Nadal vows to fight on after US Open shock

Defiant Rafael Nadal has vowed to fight on and restore his status after crashing to his earliest US Open exit in 10 years.

The 14-time grand slam winner was knocked out in the third round on Friday by Italy’s Fabio Fognini, 3-6 4-6 6-4 6-3 6-4.

The result confirmed the decline of the two-time champion who had previously won 151 grand slam matches after taking the first two sets.

Nadal will also finish the season without a grand slam title for the first time since 2004.

It was the 15th defeat of a miserable year, in which he had beaten just two top-10 players and his best majors performances were Australian and French open quarter-finals.

“The only thing this means is I played worse than the last 10 years,” said Nadal, who dropped serve nine times.

“I have to accept that it was not my year and keep fighting till the end of the season to finish in a positive way for me.”

Nadal refused to elaborate on areas he needed to improve.

“I improved something from the beginning of the season. That’s something that I think I am doing. I think I have a good base now,” added Nadal, who missed last year’s US Open with a wrist injury before an appendix operation.

“I am not playing terrible like I was at the start of the season. When I am losing, I am losing because the opponents beat me, not because I lose the match, as I did a lot of times at the beginning of the season.”

Fognini, the 32nd seed, becomes the first Italian man in the US Open last 16 since Davide Sanguinetti in 2005 and will face Spain’s No.18 Feliciano Lopez for a quarter-final berth. Lopez impressed with a 6-2 7-6 (7-4) 6-3 defeat of Canadian 10th seed Milos Raonic.

“It was an incredible match to come from two sets down against Rafa, who is one of the best players in the world,” added the Italian.

“After the first two sets, I said ‘OK, just concentrate, keep trying and anything can happen’.”

Nadal had been stretched to a five-setter at the US Open for only the second time in his career.

Earlier, top seed Novak Djokovic defeated Italy’s Andreas Seppi 6-3 7-5 7-5, inching closer to a sixth final in New York.

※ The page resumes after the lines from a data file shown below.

(* Let $U=(E,\mathcal{D},\rho)$ be a U-matroid with $E\setminus\mathrm{Atom}(\mathcal{D})=\{a_1,\dots,a_m\}$, where $\mathrm{Atom}(\mathcal{D})=\{a\in E:\{a\}\in\mathcal{D}\}$. Then: 1. The iterated generous extension $\hat\rho=\rho_{a_1,\dots,a_m}=(((\rho_{a_1})_{a_2})\dots)_{a_m}$, a matroid rank function on $2^E$, dominates every other matroid extension of $\rho$ to $2^E$ (i.e. $\hat\rho(S)\ge\rho'(S)$ for all $S$ and every matroid rank function $\rho'$ on $2^E$ with $\rho'|_{\mathcal{D}}=\rho$). 2. In particular, $\hat\rho$ is an invariant of $\rho$ that is independent of the order of the $a_i$ and dominates every other matroid extension of $\rho$. 3. For every lattice $\mathcal{D}'$ with $\mathcal{D}\subseteq\mathcal{D}'\subseteq 2^E$, the lattice extension $\hat\rho|_{\mathcal{D}'}$ dominates every other lattice extension of $U$ to $\mathcal{D}'$ (U-matroid rank function on $\mathcal{D}'$ restricting to $\rho$ on $\mathcal{D}$).
   Context: A U-matroid is a triple $(E,\mathcal{D},\rho)$ with $E$ finite, $\mathcal{D}\subseteq2^E$ an accessible distributive lattice of sets (closed under union and intersection, containing $\emptyset,E$, every nonempty member $A$ has some $x\in A$ with $A-x\in\mathcal{D}$), and $\rho:\mathcal{D}\to\mathbb{N}$ with $\rho(\emptyset)=0$, monotone, submodular, with unit increase. For $a\in E\setminus\mathrm{Atom}(\mathcal{D})$, let $\mathcal{D}[a]=\mathcal{D}\cup\{S\cup\{a\}:S\in\mathcal{D}\}$ and $\sup_\mathcal{D}(S)$ the smallest element of $\mathcal{D}$ containing $S$. The generous atom extension $\rho_a:\mathcal{D}[a]\to\mathbb{N}$ is defined by $\rho_a(S)=\rho(S)$ if $S\in\mathcal{D}$; $\rho_a(S)=\rho(S-a)$ if $S\notin\mathcal{D}$ and $\rho(S-a)=\rho(\sup_\mathcal{D}(S))$; and $\rho_a(S)=\rho(S-a)+1$ if $S\notin\mathcal{D}$ and $\rho(S-a)<\rho(\sup_\mathcal{D}(S))$. It is known that $(E,\mathcal{D}[a],\rho_a)$ is again a U-matroid, so the extension can be iterated. *)

From mathcomp Require Import all_boot.
Set Implicit Arguments. Unset Strict Implicit. Unset Printing Implicit Defensive.

Section UMatroid.
Variable E : finType.

(* D is a lattice of sets: contains set0 and setT, closed under union/intersection
   (a family of sets closed under these is automatically distributive). *)
Definition is_set_lattice (D : {set {set E}}) : Prop :=
  [/\ set0 \in D, setT \in D,
      (forall A B, A \in D -> B \in D -> A :|: B \in D) &
      (forall A B, A \in D -> B \in D -> A :&: B \in D)].

Definition accessible (D : {set {set E}}) : Prop :=
  forall A, A \in D -> A != set0 -> exists2 x, x \in A & A :\ x \in D.

Definition is_adl (D : {set {set E}}) : Prop := is_set_lattice D /\ accessible D.

(* rank function rho : D -> N, represented as a total function on {set E}
   whose values outside D are irrelevant *)
Definition is_Urank (D : {set {set E}}) (rho : {set E} -> nat) : Prop :=
  [/\ rho set0 = 0,
      (forall A B, A \in D -> B \in D -> A \subset B -> rho A <= rho B),
      (forall A B, A \in D -> B \in D ->
          rho (A :|: B) + rho (A :&: B) <= rho A + rho B) &
      (forall A B, A \in D -> B \in D -> A \subset B -> rho B <= rho A + #|B :\: A|)].

Definition is_Umatroid (D : {set {set E}}) (rho : {set E} -> nat) : Prop :=
  is_adl D /\ is_Urank D rho.

Definition is_matroid_rank (rho : {set E} -> nat) : Prop :=
  is_Umatroid [set: {set E}] rho.

Definition atoms (D : {set {set E}}) : {set E} := [set a | [set a] \in D].

Definition supD (D : {set {set E}}) (S : {set E}) : {set E} :=
  \bigcap_(A in D | S \subset A) A.

Definition ext_lattice (D : {set {set E}}) (a : E) : {set {set E}} :=
  D :|: [set A :|: [set a] | A in D].

Definition gen_rank (D : {set {set E}}) (rho : {set E} -> nat) (a : E)
  : {set E} -> nat :=
  fun S => if S \in D then rho S
           else if rho (S :\ a) == rho (supD D S) then rho (S :\ a)
           else (rho (S :\ a)).+1.

Definition gen_ext (p : {set {set E}} * ({set E} -> nat)) (a : E)
  : {set {set E}} * ({set E} -> nat) :=
  (ext_lattice p.1 a, gen_rank p.1 p.2 a).

Definition iter_gen_ext (D : {set {set E}}) (rho : {set E} -> nat) (s : seq E)
  : {set {set E}} * ({set E} -> nat) :=
  foldl gen_ext (D, rho) s.

Definition nonatom_enum (D : {set {set E}}) (s : seq E) : Prop :=
  perm_eq s (enum (~: atoms D)).

End UMatroid.

(* The generous extension is the cheapest cover: for X in the extended lattice,
     rho_a X = min { rho U + #|X :\: U| : U in D, X \subset U :|: [set a] },
   the minimum being attained at supD D X or at X :\ a.  Monotonicity,
   submodularity and unit increase of rho_a follow by combining optimal covers
   and using the corresponding property of rho.  A matroid rank rho' bounded
   by rho on D satisfies rho' X <= rho' U + #|X :\: U| <= rho U + #|X :\: U|
   for every cover U, hence stays below rho_a.  Iterating over all non-atoms
   reaches the full power set, and domination gives the rest: two orders yield
   mutually dominating extensions, and a lattice extension rho' on D' agrees
   on D' with the iterated extension of rho', a matroid extension of rho. *)

From mathcomp Require Import all_boot.
Set Implicit Arguments. Unset Strict Implicit. Unset Printing Implicit Defensive.

Section UMatroidExtension.
Variable E : finType.
Implicit Types (D F : {set {set E}}) (A B C P Q R S U V X : {set E}).

Lemma leq_cards_pointwise P Q R S :
  (forall x, (x \in P) + (x \in Q) <= (x \in R) + (x \in S)) ->
  #|P| + #|Q| <= #|R| + #|S|.
Proof.
have cardT_sum A : #|A| = \sum_x (x \in A) by rewrite -sum1_card big_mkcond.
by move=> le_x; rewrite !cardT_sum -!big_split; apply: leq_sum => x _.
Qed.

Lemma cardsD_UI A B U V :
  #|(A :|: B) :\: (U :|: V)| + #|(A :&: B) :\: (U :&: V)| <= #|A :\: U| + #|B :\: V|.
Proof.
apply: leq_cards_pointwise => x; rewrite !inE.
by case: (x \in A); case: (x \in B); case: (x \in U); case: (x \in V).
Qed.

Lemma cardsD_enlarge A B C U : C \subset B ->
  #|(U :|: C) :\: U| + #|B :\: (U :|: C)| <= #|A :\: U| + #|B :\: A|.
Proof.
move=> /subsetP sCB; apply: leq_cards_pointwise => x; move: (sCB x); rewrite !inE.
move/implyP; by case: (x \in A); case: (x \in B); case: (x \in C); case: (x \in U).
Qed.

Lemma setT_adl : is_adl [set: {set E}].
Proof.
split; first by split=> *; rewrite inE.
by move=> A _ /set0Pn[x Ax]; exists x; rewrite ?inE.
Qed.

Lemma set_lattice_set1_eqT F :
  is_set_lattice F -> (forall x, [set x] \in F) -> F = [set: {set E}].
Proof.
case=> F0 _ FU _ F1; apply/setP=> X; rewrite inE.
elim: {X}#|X|.+1 {-2}X (ltnSn #|X|) => // n IHn X ltXn.
have [->|[x Xx]] := set_0Vmem X; first exact: F0.
by rewrite -(setD1K Xx) FU ?F1 ?IHn // -ltnS (leq_trans _ ltXn) // (cardsD1 x X) Xx.
Qed.

Lemma supD_mem D S : is_set_lattice D -> supD D S \in D.
Proof.
by case=> _ DT _ DI; apply: (big_ind (fun A => A \in D)) => // A /andP[].
Qed.

Lemma sub_supD D S : S \subset supD D S.
Proof. by apply/bigcapsP => A /andP[]. Qed.

Lemma supD_min D S A : A \in D -> S \subset A -> supD D S \subset A.
Proof. by move=> DA sSA; apply: bigcap_inf; rewrite DA. Qed.

Lemma Urank_sub D F rho : F \subset D -> is_Urank D rho -> is_Urank F rho.
Proof.
move/subsetP=> sFD [rho0 mono submod unit].
by split=> // A B /sFD DA /sFD DB; [apply: mono | apply: submod | apply: unit].
Qed.

Lemma Urank_le_setD D rho X U : is_set_lattice D -> is_Urank D rho ->
  X \in D -> U \in D -> rho X <= rho U + #|X :\: U|.
Proof.
case=> _ _ closedU _ [_ mono _ unit] DX DU; have DUX := closedU _ _ DU DX.
have -> : X :\: U = (U :|: X) :\: U by rewrite setDUl setDv set0U.
exact: leq_trans (mono _ _ DX DUX (subsetUr U X)) (unit _ _ DU DUX (subsetUl U X)).
Qed.

Lemma ext_lattice_sub D a : D \subset ext_lattice D a.
Proof. by apply/subsetP=> X DX; rewrite inE DX. Qed.

Lemma ext_latticeP D a X :
  reflect (exists A, [/\ A \in D, A \subset X & X \subset A :|: [set a]])
          (X \in ext_lattice D a).
Proof.
apply: (iffP idP).
  rewrite inE => /orP[DX|/imsetP[A DA ->]]; first by exists X; rewrite subsetUl.
  by exists A; rewrite subsetUl.
case=> A [DA sAX sXA]; rewrite inE; have [aX|naX] := boolP (a \in X).
  apply/orP; right; apply/imsetP; exists A => //.
  by apply/eqP; rewrite eqEsubset sXA subUset sAX sub1set.
suff -> : X = A by rewrite DA.
apply/eqP; rewrite eqEsubset sAX andbT; apply/subsetP=> x Xx.
move: (subsetP sXA x Xx); rewrite in_setU in_set1 => /orP[//|/eqP ex].
by rewrite -ex Xx in naX.
Qed.

Lemma ext_lattice_notin D a X : X \in ext_lattice D a -> X \notin D ->
  a \in X /\ X :\ a \in D.
Proof.
rewrite inE => /orP[-> //|/imsetP[A DA ->]] nDX.
have naA : a \notin A by apply: contra nDX => aA; rewrite (setUidPl _) ?sub1set.
by rewrite setUC setU11 setU1K.
Qed.

Lemma ext_lattice_lattice D a : is_set_lattice D -> is_set_lattice (ext_lattice D a).
Proof.
case=> D0 DT closedU closedI; have sD := subsetP (ext_lattice_sub D a).
split; [exact: sD | exact: sD | |] => X Y /ext_latticeP[A [DA sAX sXA]]
  /ext_latticeP[B [DB sBY sYB]]; apply/ext_latticeP.
  exists (A :|: B); split; [exact: closedU | exact: setUSS | by rewrite setUUl setUSS].
exists (A :&: B); split; [exact: closedI | exact: setISS | by rewrite setUIl setISS].
Qed.

Section OneExtension.
Variables (D : {set {set E}}) (rho : {set E} -> nat) (a : E).
Hypotheses (latD : is_set_lattice D) (rankD : is_Urank D rho).
Local Notation Dx := (ext_lattice D a).
Local Notation ra := (gen_rank D rho a).

Lemma gen_rank_in S : S \in D -> ra S = rho S.
Proof. by rewrite /gen_rank => ->. Qed.

Lemma gen_rank_notin X : X \in Dx -> X \notin D ->
  ra X = minn (rho (supD D X)) (rho (X :\ a)).+1.
Proof.
move=> DxX nDX; have [_ DXa] := ext_lattice_notin DxX nDX.
have [_ mono _ _] := rankD.
have le_sup : rho (X :\ a) <= rho (supD D X).
  exact: mono (supD_mem _ latD) (subset_trans (subD1set X a) (sub_supD D X)).
rewrite /gen_rank (negbTE nDX); case: eqP => [->|/eqP ne].
  by rewrite (minn_idPl (leqnSn _)).
by rewrite (minn_idPr _) // ltn_neqAle ne le_sup.
Qed.

Lemma gen_rank_le_cover X U : X \in Dx -> U \in D -> X \subset U :|: [set a] ->
  ra X <= rho U + #|X :\: U|.
Proof.
move=> DxX DU sXU; have [_ mono _ _] := rankD.
have [DX|nDX] := boolP (X \in D); first by rewrite gen_rank_in // (Urank_le_setD latD rankD).
have [aX DXa] := ext_lattice_notin DxX nDX.
rewrite gen_rank_notin // geq_min; have [aU|naU] := boolP (a \in U).
  move: sXU; rewrite (setUidPl _) ?sub1set // => sXU; apply/orP; left.
  by rewrite (leq_trans _ (leq_addr _ _)) // mono ?supD_mem ?supD_min.
apply/orP; right; rewrite -addn1 leq_add //.
  by apply: mono; rewrite // subDset setUC.
by rewrite card_gt0; apply/set0Pn; exists a; rewrite inE naU.
Qed.

Lemma gen_rank_cover X : X \in Dx ->
  exists U, [/\ U \in D, X \subset U :|: [set a] & ra X = rho U + #|X :\: U|].
Proof.
move=> DxX; have [DX|nDX] := boolP (X \in D).
  by exists X; rewrite gen_rank_in // setDv cards0 addn0 subsetUl.
have [aX DXa] := ext_lattice_notin DxX nDX.
rewrite gen_rank_notin //; case: leqP => _.
  exists (supD D X); have /eqP-> : X :\: supD D X == set0 by rewrite setD_eq0 sub_supD.
  by rewrite cards0 addn0 supD_mem // (subset_trans (sub_supD D X)) ?subsetUl.
exists (X :\ a); rewrite setUC setD1K //.
by rewrite setDDr setDv set0U (setIidPr _) ?sub1set // cards1 addn1.
Qed.

Lemma gen_rank_mono A B : A \in Dx -> B \in Dx -> A \subset B -> ra A <= ra B.
Proof.
move=> DxA DxB sAB; have [U [DU sBU ->]] := gen_rank_cover DxB.
apply: leq_trans (gen_rank_le_cover DxA DU (subset_trans sAB sBU)) _.
by rewrite leq_add2l subset_leq_card // setSD.
Qed.

Lemma gen_rank_submod A B : A \in Dx -> B \in Dx ->
  ra (A :|: B) + ra (A :&: B) <= ra A + ra B.
Proof.
move=> DxA DxB; have [_ _ closedxU closedxI] := ext_lattice_lattice a latD.
have [_ _ closedU closedI] := latD; have [_ _ submod _] := rankD.
have [U [DU sAU ->]] := gen_rank_cover DxA.
have [V [DV sBV ->]] := gen_rank_cover DxB.
have le_cup : ra (A :|: B) <= rho (U :|: V) + #|(A :|: B) :\: (U :|: V)|.
  by rewrite gen_rank_le_cover ?closedxU ?closedU // setUUl setUSS.
have le_cap : ra (A :&: B) <= rho (U :&: V) + #|(A :&: B) :\: (U :&: V)|.
  by rewrite gen_rank_le_cover ?closedxI ?closedI // setUIl setISS.
apply: leq_trans (leq_add le_cup le_cap) _.
by rewrite addnACA [X in _ <= X]addnACA leq_add ?submod ?cardsD_UI.
Qed.

Lemma gen_rank_unit A B : A \in Dx -> B \in Dx -> A \subset B ->
  ra B <= ra A + #|B :\: A|.
Proof.
move=> DxA DxB sAB; have [U [DU sAU ->]] := gen_rank_cover DxA.
have /ext_latticeP[C [DC sCB sBC]] := DxB.
have [_ _ closedU _] := latD; have [_ _ _ unit] := rankD.
have DUC := closedU _ _ DU DC.
have sBUC : B \subset (U :|: C) :|: [set a].
  exact: subset_trans sBC (setSU _ (subsetUr U C)).
apply: leq_trans (gen_rank_le_cover DxB DUC sBUC) _.
apply: leq_trans (leq_add (unit _ _ DU DUC (subsetUl U C)) (leqnn _)) _.
by rewrite -!addnA leq_add2l cardsD_enlarge.
Qed.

Djokovic will face Spain’s No.23 Roberto Bautista Agut for a place in the last eight.

The Serb star was pushed hard by 25th seed Seppi, who knocked Roger Federer out of January’s Australian Open.

“I had to hang in there and try and play at my pace,” said Djokovic.

“He was aggressive and went for backhands down the line. I just had to stay patient and wait for my opportunities,” said the world No.1, striving for his 25th consecutive grand slam quarter-final.

Joining him in the fourth round is defending champion and No.9 Marin Cilic, after an epic test by Kazakh Mikhail Kukushkin.

Cilic took four hours and 18 minutes to win 6-7 (5-7) 7-6 (7-1) 6-3 6-7 (3-7) 6-1.

“It wasn’t easy but I stayed together and got it done,” Cilic said.

France’s Benoit Paire reached his first grand slam fourth round with a 7-6 (7-3) 6-1 6-1 victory over Spain’s Tommy Robredo to set up a showdown with 19th-seeded countryman Jo-Wilfried Tsonga, a 6-3 7-5 6-2 winner over Ukraine’s Sergiy Stakhovsky.

In a strong day for the French and a poor Friday for the Spanish, No.27 Jeremy Chardy ousted seventh seed David Ferrer, 7-6 (8-6) 4-6 6-3 6-1.